Set down exactly the lines below between the line holding "pose G s := E s * w s." and the line holding "Lemma cross_term_le (R", inclusive; no other line belongs in the answer.

_ _ _ _

Lemma unitaryC_lift A : orthoR A -> unitaryC (lift A).
Proof. by move=> AO; rewrite /unitaryC conjc_lift map_trmx -map_mxM AO map_mx1. Qed.

Lemma diagC_lift (s : nat -> R) : lift (diagR d s) = diagC d s.
Proof. by rewrite map_diag_mx; congr diag_mx; apply/matrixP => i j; rewrite !mxE. Qed.

Lemma e1C_lift : lift (e1R R d) = e1C R d.
Proof. by apply/matrixP => i j; rewrite !mxE rmorph_nat. Qed.

Lemma singular_ratio_geR (k k' : 'M[R]_d) (s : nat -> R) (u : 'cV[R]_d) (delta r m : R) :
  (1 < d)%N -> orthoR k -> orthoR k' ->
  (forall i, (i < d)%N -> 0 < s i) ->
  (forall i j, (i <= j)%N -> (j < d)%N -> s j <= s i) ->
  u != 0 -> 0 < delta < 1 -> 0 < r ->
  (forall v, v != 0 -> dPR u v < delta ->
     dPR (k *m diagR d s *m k' *m u) (k *m diagR d s *m k' *m v) < r) ->
  is_dist_hypR k' u m ->
  delta / (4 * r) * m <= s 0%N / s 1%N.
Proof.
move=> d_gt1 kO k'O s_gt0 s_nonincr u_neq0 delta_bounds r_gt0 hball.
move=> [[w0 [_ _ <-]] hdist].
pose i0 : 'I_d := Ordinal (ltnW d_gt1).
have k'_adjK x : k' *m (k'^T *m x) = x by rewrite mulmxA mulmx1C ?mul1mx.
have k'_adj_eq0 x : (k'^T *m x == 0) = (x == 0).
  by apply/eqP/eqP => [x0|->]; [rewrite -[x]k'_adjK x0 mulmx0 | rewrite mulmx0].
have lift_adj x : (map_mx conjc (lift k'))^T *m lift x = lift (k'^T *m x).
  by rewrite conjc_lift map_trmx map_mxM.
have lift_frame : lift k' *m lift u = lift (k' *m u) by rewrite map_mxM.
have lift_sub_coord x j :
    lift x - lift x j 0 *: delta_mx j 0 = lift (x - x j 0 *: delta_mx j 0).
  by rewrite map_mxB map_mxZ map_delta_mx mxE.
have lift_add_delta x (t : R) j :
    lift x + t%:C *: delta_mx j 0 = lift (x + t *: delta_mx j 0).
  by rewrite map_mxD map_mxZ map_delta_mx.
have lift_g x :
    lift k *m diagC d s *m lift k' *m lift x = lift (k *m diagR d s *m k' *m x).
  by rewrite -diagC_lift !map_mxM.
apply: (unitary_frame_singular_ratio_ge (d_gt1 := d_gt1) s_gt0 s_nonincr
          (unitaryC_lift kO) (unitaryC_lift k'O) (u := lift u)) => //.
- by rewrite map_mx_eq0.
- by rewrite -dPC_lift dPC_le1.
- rewrite lift_frame lift_sub_coord map_mx_eq0 lift_adj dPC_lift => y'_neq0.
  apply: hdist; first by rewrite k'_adj_eq0.
  apply: complexI; rewrite k'_adjK -ipC_lift e1C_lift (@e1C_delta _ _ i0) //.
  by rewrite ipC_delta !mxE eqxx mulr1 subrr.
- move=> t; rewrite lift_frame lift_add_delta map_mx_eq0 lift_adj !lift_g !dPC_lift.
  by move=> w_neq0; apply: hball; rewrite k'_adj_eq0.
Qed.
Lemma Casinh_ratio_bounds (w : C) : 0 <= Re w -> 0 <= Im w ->
  / sqrt 2 * Cmod (w / (1 + w)) <= Cmod (Casinh w / (1 + Casinh w))
  /\ Cmod (Casinh w / (1 + Casinh w)) <= sqrt 2 * Cmod (w / (1 + w)).
Proof.
intros Hx Hy. destruct (Casinh_first_quadrant w Hx Hy) as [Ha Ht].
pose proof (Csinh_ratio_bounds (Casinh w) Ha Ht) as H.
now rewrite Csinh_Casinh in H.
Qed.

Lemma Re_Cexp_nonneg (z : C) : Rabs (Im z) <= PI / 2 -> 0 <= Re (Cexp z).
Proof.
intros Hz. apply Rabs_le_between in Hz. unfold Cexp, Re at 1. simpl.
apply Rmult_le_pos; [apply Rlt_le, exp_pos|]. apply cos_ge_0; lra.
Qed.

Lemma Im_Cexp_nonneg (z : C) : 0 <= Im z <= PI -> 0 <= Im (Cexp z).
Proof.
intros Hz. unfold Cexp, Im at 1. simpl.
apply Rmult_le_pos; [apply Rlt_le, exp_pos|]. apply sin_ge_0; lra.
Qed.

Lemma Cexp_conj (z : C) : Cexp (Cconj z) = Cconj (Cexp z).
Proof.
destruct z as [u v]. unfold Cexp, Cconj, Re, Im. simpl.
rewrite cos_neg, sin_neg. f_equal; ring.
Qed.

Lemma Cmod_ratio_conj (z : C) :
  Cmod (Cconj z / (1 + Cconj z)) = Cmod (z / (1 + z)).
Proof.
destruct z as [u v]. unfold Cmod, Cdiv, Cmult, Cinv, Cplus, Cconj, RtoC. simpl.
f_equal.
replace ((0 + - v) * ((0 + - v) * 1)) with ((0 + v) * ((0 + v) * 1)) by ring.
set (d := (1 + u) * ((1 + u) * 1) + (0 + v) * ((0 + v) * 1)). unfold Rdiv. ring.
Qed.

Lemma Rasinh_arcsinh x : Rasinh x = arcsinh x.
Proof. unfold Rasinh, arcsinh. now rewrite Rplus_comm with (r1 := 1). Qed.

Lemma Rasinh_exp_ratio_le x :
  Rasinh (exp x) / (1 + Rasinh (exp x)) <= exp x / (1 + exp x).
Proof.
rewrite Rasinh_arcsinh. set (L := arcsinh (exp x)).
assert (He : sinh L = exp x) by apply sinh_arcsinh.
assert (HL : 0 <= L).
{ destruct (Rle_dec 0 L) as [|HL]; [easy|].
  assert (sinh L < sinh 0) by (apply sinh_lt; lra).
  rewrite sinh_0, He in *. assert (H1 := exp_pos x). lra. }
assert (HLe : L <= exp x) by (rewrite <- He; now apply id_le_sinh).
assert (Hex := exp_pos x).
apply (Rmult_le_reg_r ((1 + L) * (1 + exp x))); [nra|].
replace (L / (1 + L) * ((1 + L) * (1 + exp x))) with (L * (1 + exp x)) by (field; lra).
replace (exp x / (1 + exp x) * ((1 + L) * (1 + exp x))) with (exp x * (1 + L)) by (field; lra).
nra.
Qed.

Theorem lemma4 :
  (forall zeta : C, Rabs (Im zeta) <= PI / 2 ->
     / sqrt 2 * Cmod (Cdiv (Cexp zeta) (Cplus (RtoC 1) (Cexp zeta)))
       <= Cmod (Cdiv (asinh_exp zeta) (Cplus (RtoC 1) (asinh_exp zeta)))
     /\ Cmod (Cdiv (asinh_exp zeta) (Cplus (RtoC 1) (asinh_exp zeta)))
       <= sqrt 2 * Cmod (Cdiv (Cexp zeta) (Cplus (RtoC 1) (Cexp zeta))))
  /\ (forall x : R,
     Rasinh (exp x) / (1 + Rasinh (exp x)) <= exp x / (1 + exp x)).
Proof.
split; [|exact Rasinh_exp_ratio_le].
intros zeta Hz. assert (HPI := PI_RGT_0). unfold asinh_exp.
destruct (Rle_dec 0 (Im zeta)) as [Hi|Hi].
- apply Casinh_ratio_bounds; [now apply Re_Cexp_nonneg|].
  apply Im_Cexp_nonneg. apply Rabs_le_between in Hz. lra.
- rewrite Cmod_ratio_conj, <- (Cmod_ratio_conj (Cexp zeta)), <- Cexp_conj.
  apply Casinh_ratio_bounds.
  + apply Re_Cexp_nonneg. now rewrite im_conj, Rabs_Ropp.
  + apply Im_Cexp_nonneg. rewrite im_conj. apply Rabs_le_between in Hz. lra.
Qed.
Lemma gronwall_eq0 (R : realType) (E dE : R -> R) (K : R) :
  (forall t : R, is_derive t 1 E (dE t)) -> (forall t, dE t <= K * E t) ->
  (forall t, 0 <= E t) -> E 0 = 0 ->
  forall t, 0 <= t -> E t = 0.
Proof.
move=> E_deriv dE_le E_ge0 E0 t t_ge0.
(* integrating factor: [(E w)' = w (dE - K E) <= 0] *)
pose w s : R := expR (- (K * s)).
have w_deriv (s : R) : is_derive s 1 w (w s * - K).
  apply: is_derive1_comp; apply: is_deriveN.
  by rewrite -[K in is_derive _ _ _ K]mulr1; apply: is_deriveZ.
pose G s := E s * w s.
have G_deriv (s : R) : is_derive s 1 G (E s * (w s * - K) + w s * dE s).
  exact: is_deriveM.
have G_derivable (s : R) : derivable G s 1 by case: (G_deriv s).
have [u _ Gt] := MVT_segment t_ge0 (fun s _ => G_deriv s)
  (derivable_within_continuous (fun s _ => G_derivable s)).
have Gt_le0 : G t <= 0.
  have -> : G t = G t - G 0 by rewrite /G E0 mul0r subr0.
  rewrite Gt subr0 mulr_le0_ge0 //.
  have -> : E u * (w u * - K) + w u * dE u = w u * (dE u - K * E u) by ring.
  by rewrite mulr_ge0_le0 ?expR_ge0 // subr_le0.
apply/eqP; rewrite eq_le E_ge0 andbT.
by move: Gt_le0; rewrite /G pmulr_lle0 // expR_gt0.
Qed.

Lemma cross_term_le (R : realType) (a b c E : R) :
  a * a <= E -> b * b <= E -> 2 * (a * (c * (b - a))) <= 6 * `|c| * E.
Proof.
move=> aE bE; have abE : a * b <= E by nra.
have abE' : - E <= a * b by nra.
by case: (lerP 0 c) => c0; [rewrite ger0_norm | rewrite ltr0_norm]; nra.
Qed.
(* Let $f:\mathbb{R}^{2}\to\mathbb{R}$ be smooth and either quasi normal or quasi split normal. Then for all $x,y\in\mathbb{R}$ and all $k_{1}\neq0$, $k_{2}\neq0$, the limits $F(k_{1},y)=\lim_{r\to\infty}\int_{-r}^{r}f(x,y)e^{-ik_{1}x}\,dx$ and $G(x,k_{2})=\lim_{r\to\infty}\int_{-r}^{r}f(x,y)e^{-ik_{2}y}\,dy$ both exist, and $y\mapsto F(k_{1},y)$ and $x\mapsto G(x,k_{2})$ are of moderate decrease (bounded by a constant times $|y|^{-2}$, resp. $|x|^{-2}$, for $|y|>1$, resp. $|x|>1$).
   Context: One-variable notions: a smooth $g:\mathbb{R}\setminus V\to\mathbb{R}$, $V\subset\mathbb{R}$ bounded closed, is analytic at infinity if there exist $\epsilon_{1},\epsilon_{2}>0$ such that $g(1/t)=\sum_{n\geq1}a_{n}t^{n}$ for $0<t<\epsilon_{1}$ and $g(1/t)=\sum_{n\geq1}b_{n}t^{n}$ for $-\epsilon_{2}<t<0$, with real coefficients and both power series absolutely convergent on the respective intervals. Two-variable notions: let $f:\mathbb{R}^{2}\setminus W\to\mathbb{R}$ be smooth with $W$ closed and bounded (here $W=\emptyset$). $f$ is of very moderate decrease if there is $C>0$ with $|f(x,y)|\leq\frac{C}{|(x,y)|}$ for $|(x,y)|>1$, and of moderate decrease if $|f(x,y)|\leq\frac{C}{|(x,y)|^{2}}$ for $|(x,y)|>1$. For fixed $x$ write $f_{x}(y)=f(x,y)$ and for fixed $y$ write $f_{y}(x)=f(x,y)$. Conditions: (i) for every $x$, $f_{x}$ is analytic at infinity; (ii) for every $y$, $f_{y}$ is analytic at infinity; (iii) $f$ is of very moderate decrease; (iv) $\frac{\partial f}{\partial x}$ and $\frac{\partial f}{\partial y}$ are of moderate decrease. $f$ is quasi normal if (i)–(iv) hold and (v)': for sufficiently large $x$, the zeros of $f_{x}$ are contained in a union $(-M_{x},-N_{x})\cup(N_{x},M_{x})$ of bounded intervals with $M_{x}-N_{x}$ uniformly bounded in $x$, and similarly for $(f_{x})'$, $(f_{x})''$ (each with its own such intervals), and for $f_{y},(f_{y})',(f_{y})''$ with sufficiently large $y$. $f$ is quasi split normal if (i)–(iv) hold and (v)'': for sufficiently large $(x,y)$, $f=f_{1}+f_{2}$ with $f_{1},f_{2}$ quasi normal and $f,f_{1},f_{2}$ smooth. *)

From Stdlib Require Import Reals List.
From Coquelicot Require Import Coquelicot.
Open Scope R_scope.

Definition norm2 (x y : R) : R := sqrt (x ^ 2 + y ^ 2).

Definition dx (f : R -> R -> R) : R -> R -> R :=
  fun x y => Derive (fun t => f t y) x.
Definition dy (f : R -> R -> R) : R -> R -> R :=
  fun x y => Derive (fun t => f x t) y.

(* iterated partial derivative along a word of directions (true = x, false = y) *)
Fixpoint iter_partial (l : list bool) (f : R -> R -> R) : R -> R -> R :=
  match l with
  | nil => f
  | b :: l' => if b then dx (iter_partial l' f) else dy (iter_partial l' f)
  end.

Definition smooth2 (f : R -> R -> R) : Prop :=
  forall l : list bool,
    (forall x y, ex_derive (fun t => iter_partial l f t y) x /\
                 ex_derive (fun t => iter_partial l f x t) y) /\
    (forall x y, continuous (fun p : R * R => iter_partial l f (fst p) (snd p)) (x, y)).

Definition analytic_at_infinity (g : R -> R) : Prop :=
  exists (eps1 eps2 : R) (a b : nat -> R),
    0 < eps1 /\ 0 < eps2 /\
    (forall t, 0 < t < eps1 ->
       is_series (fun n => a (S n) * t ^ (S n)) (g (/ t)) /\
       ex_series (fun n => Rabs (a (S n) * t ^ (S n)))) /\
    (forall t, - eps2 < t < 0 ->
       is_series (fun n => b (S n) * t ^ (S n)) (g (/ t)) /\
       ex_series (fun n => Rabs (b (S n) * t ^ (S n)))).

Definition very_moderate_decrease (f : R -> R -> R) : Prop :=
  exists C, 0 < C /\ forall x y, 1 < norm2 x y -> Rabs (f x y) <= C / norm2 x y.

Definition moderate_decrease (f : R -> R -> R) : Prop :=
  exists C, 0 < C /\ forall x y, 1 < norm2 x y -> Rabs (f x y) <= C / (norm2 x y) ^ 2.

Definition cond_i_iv (f : R -> R -> R) : Prop :=
  (forall x, analytic_at_infinity (fun y => f x y)) /\
  (forall y, analytic_at_infinity (fun x => f x y)) /\
  very_moderate_decrease f /\
  moderate_decrease (dx f) /\ moderate_decrease (dy f).

Definition zeros_localized (h : R -> R -> R) : Prop :=
  exists S0 B, forall s, S0 < Rabs s ->
    exists N M, 0 <= N /\ M - N <= B /\
      forall t, h s t = 0 -> (- M < t < - N \/ N < t < M).

Definition cond_v' (f : R -> R -> R) : Prop :=
  zeros_localized (fun x y => f x y) /\
  zeros_localized (fun x y => Derive (fun t => f x t) y) /\
  zeros_localized (fun x y => Derive (fun u => Derive (fun t => f x t) u) y) /\
  zeros_localized (fun y x => f x y) /\
  zeros_localized (fun y x => Derive (fun t => f t y) x) /\
  zeros_localized (fun y x => Derive (fun u => Derive (fun t => f t y) u) x).

Definition quasi_normal (f : R -> R -> R) : Prop :=
  cond_i_iv f /\ cond_v' f.

Definition quasi_split_normal (f : R -> R -> R) : Prop :=
  cond_i_iv f /\
  exists (R0 : R) (f1 f2 : R -> R -> R),
    smooth2 f1 /\ smooth2 f2 /\ quasi_normal f1 /\ quasi_normal f2 /\
    forall x y, R0 < norm2 x y -> f x y = f1 x y + f2 x y.

From Stdlib Require Import Reals Lra Classical List.
From Coquelicot Require Import Coquelicot.
Open Scope R_scope.

(* Let w be cos (k .) or - sin (k .), v a bounded primitive of w and U a bounded
   primitive of v. Integrating by parts against v turns the integral of f x y * w y
   over [-r, r] into boundary terms, which vanish as r -> oo because f = O(1/|(x,y)|),
   minus the integral of dy f x y * v y. The latter integrand is O(1/(x^2 + y^2)),
   hence O(1/(1 + y^2)) as soon as |y| > 1 or |x| > 1: comparison with the primitive
   atan gives convergence, and for |x| > 1 a bound uniform in x.
   For large |x| the zeros of dy (dy f) x lie in two intervals of bounded length,
   off which dy f x is monotone. A second integration by parts, against U, bounds the
   monotone pieces by a multiple of sup |dy f x| = O(1/x^2), and the two short
   intervals contribute O(1/x^2) directly; a quasi split normal f is handled by
   adding these estimates for f1 and f2. The transform in x is the transform in y of
   f with its variables swapped, since all hypotheses are symmetric. *)

Lemma Rabs_sub3_le (x y z : R) : Rabs (x - y - z) <= Rabs x + Rabs y + Rabs z.
Proof. unfold Rabs; repeat destruct Rcase_abs; lra. Qed.

Lemma Rabs_add3_le (x y z : R) : Rabs (x + y + z) <= Rabs x + Rabs y + Rabs z.
Proof. unfold Rabs; repeat destruct Rcase_abs; lra. Qed.

Lemma Rabs_mul_le (x y X Y : R) : Rabs x <= X -> Rabs y <= Y -> Rabs (x * y) <= X * Y.
Proof. intros; rewrite Rabs_mult; apply Rmult_le_compat; auto using Rabs_pos. Qed.

Lemma Rdiv_le_contravar (C a b : R) : 0 <= C -> 0 < a -> a <= b -> C / b <= C / a.
Proof. intros; unfold Rdiv; apply Rmult_le_compat_l; [|apply Rinv_le_contravar]; auto. Qed.

Lemma one_lt_sq (y : R) : 1 < Rabs y -> 1 < y ^ 2.
Proof. intros H. rewrite <- pow2_abs. pose proof (Rabs_pos y). nra. Qed.

Lemma Rabs_div_le_inv (a b : R) : Rabs a <= 1 -> Rabs (a / b) <= / Rabs b.
Proof.
  intros Ha. destruct (Req_dec b 0) as [->|Hb].
  - unfold Rdiv. rewrite Rinv_0, Rmult_0_r, Rabs_R0, Rinv_0. lra.
  - unfold Rdiv. rewrite Rabs_mult, Rabs_inv.
    apply (Rle_trans _ (1 * / Rabs b)); [|lra].
    apply Rmult_le_compat_r; auto. apply Rlt_le, Rinv_0_lt_compat, Rabs_pos_lt, Hb.
Qed.

Lemma sqrt_sum_sq_le (a b A B : R) : Rabs a <= A -> Rabs b <= B -> sqrt (a ^ 2 + b ^ 2) <= A + B.
Proof.
  intros Ha Hb. pose proof (Rabs_pos a). pose proof (Rabs_pos b).
  rewrite <- (sqrt_pow2 (A + B)) by lra. apply sqrt_le_1_alt.
  rewrite <- (pow2_abs a), <- (pow2_abs b). nra.
Qed.

Lemma continuous_of_is_derive (u du : R -> R) (x : R) :
  is_derive u x (du x) -> continuous u x.
Proof. intros H. apply (ex_derive_continuous (V := R_NormedModule)). now exists (du x). Qed.

Lemma ex_RInt_of_continuous (f : R -> R) (a b : R) :
  (forall x, continuous f x) -> ex_RInt f a b.
Proof. intros H. apply (ex_RInt_continuous (V := R_CompleteNormedModule)). intros; apply H. Qed.

Lemma RInt_Chasles_continuous (f : R -> R) (a b c : R) :
  (forall x, continuous f x) -> RInt f a b + RInt f b c = RInt f a c.
Proof. intros H. apply (RInt_Chasles (V := R_CompleteNormedModule)); now apply ex_RInt_of_continuous. Qed.

Lemma RInt_is_derive (g dg : R -> R) (a b : R) :
  (forall x, is_derive g x (dg x)) -> (forall x, continuous dg x) ->
  RInt dg a b = g b - g a.
Proof.
  intros Hg Hdg. apply (is_RInt_unique (V := R_CompleteNormedModule)).
  now apply (is_RInt_derive (V := R_CompleteNormedModule)).
Qed.

Lemma RInt_mul_by_parts (u du v dv : R -> R) (a b : R) :
  (forall x, is_derive u x (du x)) -> (forall x, is_derive v x (dv x)) ->
  (forall x, continuous du x) -> (forall x, continuous dv x) ->
  RInt (fun x => u x * dv x) a b = u b * v b - u a * v a - RInt (fun x => du x * v x) a b.
Proof.
  intros Hu Hv Cdu Cdv.
  assert (Cu : forall x, continuous u x) by (intros; eapply continuous_of_is_derive; apply Hu).
  assert (Cv : forall x, continuous v x) by (intros; eapply continuous_of_is_derive; apply Hv).
  assert (Hprod : RInt (fun x => du x * v x + u x * dv x) a b = u b * v b - u a * v a).
  { apply (RInt_is_derive (fun x => u x * v x)).
    - intros x. apply (is_derive_mult u v); auto. intros; apply Rmult_comm.
    - intros x. apply (continuous_plus (fun x => du x * v x) (fun x => u x * dv x));
        apply (continuous_mult (K := R_AbsRing)); auto. }
  rewrite (RInt_plus (V := R_CompleteNormedModule)) in Hprod
    by (apply ex_RInt_of_continuous; intros; apply (continuous_mult (K := R_AbsRing)); auto).
  simpl in Hprod. unfold plus in Hprod; simpl in Hprod. lra.
Qed.
(* Let $(\mathcal{S},d_{\mathcal{S}})$, $(\mathcal{A},d_{\mathcal{A}})$ be metric spaces, $\gamma\in[0,1)$, $\rho$ an initial state distribution, $r$ a reward function, and $\pi,\pi'$ policies and $p,p'$ configurations. Then $$\Big|\mathbb{A}_{\pi,p}^{\pi',p'}-\big(\mathbb{A}_{\pi,p}^{\pi,p'}+\mathbb{A}_{\pi,p}^{\pi',p}\big)\Big|\le\int_{\mathcal{S}}\mu_{\pi,p}(ds)\,\mathcal{W}\big(\pi'(\cdot|s),\pi(\cdot|s)\big)\,\big\|A_{\pi,p}^{\pi,p'}\big\|_L.$$
   Context: $r:\mathcal{S}\times\mathcal{A}\times\mathcal{S}\to\mathbb{R}$. A configuration is a Markov kernel $p(\cdot|s,a)$ on $\mathcal{S}$; a policy is a Markov kernel $\pi(\cdot|s)$ on $\mathcal{A}$; $p_\pi(ds'|s)=\int\pi(da|s)p(ds'|s,a)$. Value functions (assumed well defined): $V_{\pi,p}(s)=\int\pi(da|s)\int p(ds'|s,a)(r(s,a,s')+\gamma V_{\pi,p}(s'))$, $Q_{\pi,p}(s,a)=\int p(ds'|s,a)(r(s,a,s')+\gamma V_{\pi,p}(s'))$, $U_{\pi,p}(s,a,s')=r(s,a,s')+\gamma V_{\pi,p}(s')$. $\mu_{\pi,p}=(1-\gamma)\sum_{t\ge0}\gamma^t\rho p_\pi^t$. Relative advantages: $A_{\pi,p}^{\pi',p}(s)=\int\pi'(da|s)(Q_{\pi,p}(s,a)-V_{\pi,p}(s))$; $A_{\pi,p}^{\pi,p'}(s,a)=\int p'(ds'|s,a)(U_{\pi,p}(s,a,s')-Q_{\pi,p}(s,a))$, a function on $\mathcal{S}\times\mathcal{A}$; $A_{\pi,p}^{\pi',p'}(s)=\int\pi'(da|s)\int p'(ds'|s,a)(U_{\pi,p}(s,a,s')-V_{\pi,p}(s))$. Expected versions: $\mathbb{A}_{\pi,p}^{\pi',p}=\int\mu_{\pi,p}(ds)A_{\pi,p}^{\pi',p}(s)$, $\mathbb{A}_{\pi,p}^{\pi,p'}=\int\mu_{\pi,p}(ds)\int\pi(da|s)A_{\pi,p}^{\pi,p'}(s,a)$, $\mathbb{A}_{\pi,p}^{\pi',p'}=\int\mu_{\pi,p}(ds)A_{\pi,p}^{\pi',p'}(s)$. $\|\cdot\|_L$ is the Lipschitz semi-norm, with $\mathcal{S}\times\mathcal{A}$ carrying the metric $d_{\mathcal{S}}(s,\bar s)+d_{\mathcal{A}}(a,\bar a)$; $\mathcal{W}(\mu,\nu)=\sup_{\|f\|_L\le1}|\int f\,d(\mu-\nu)|$. *)

From HB Require Import structures.
From mathcomp Require Import all_boot all_order all_algebra.
From mathcomp Require Import all_classical all_reals all_analysis.

Set Implicit Arguments.
Unset Strict Implicit.
Unset Printing Implicit Defensive.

_ _ _ _

* _Solution to this task_:
pose G s := E s * w s.
have G_deriv (s : R) : is_derive s 1 G (E s * (w s * - K) + w s * dE s).
  exact: is_deriveM.
have G_derivable (s : R) : derivable G s 1 by case: (G_deriv s).
have [u _ Gt] := MVT_segment t_ge0 (fun s _ => G_deriv s)
  (derivable_within_continuous (fun s _ => G_derivable s)).
have Gt_le0 : G t <= 0.
  have -> : G t = G t - G 0 by rewrite /G E0 mul0r subr0.
  rewrite Gt subr0 mulr_le0_ge0 //.
  have -> : E u * (w u * - K) + w u * dE u = w u * (dE u - K * E u) by ring.
  by rewrite mulr_ge0_le0 ?expR_ge0 // subr_le0.
apply/eqP; rewrite eq_le E_ge0 andbT.
by move: Gt_le0; rewrite /G pmulr_lle0 // expR_gt0.
Qed.

Lemma cross_term_le (R : realType) (a b c E : R) :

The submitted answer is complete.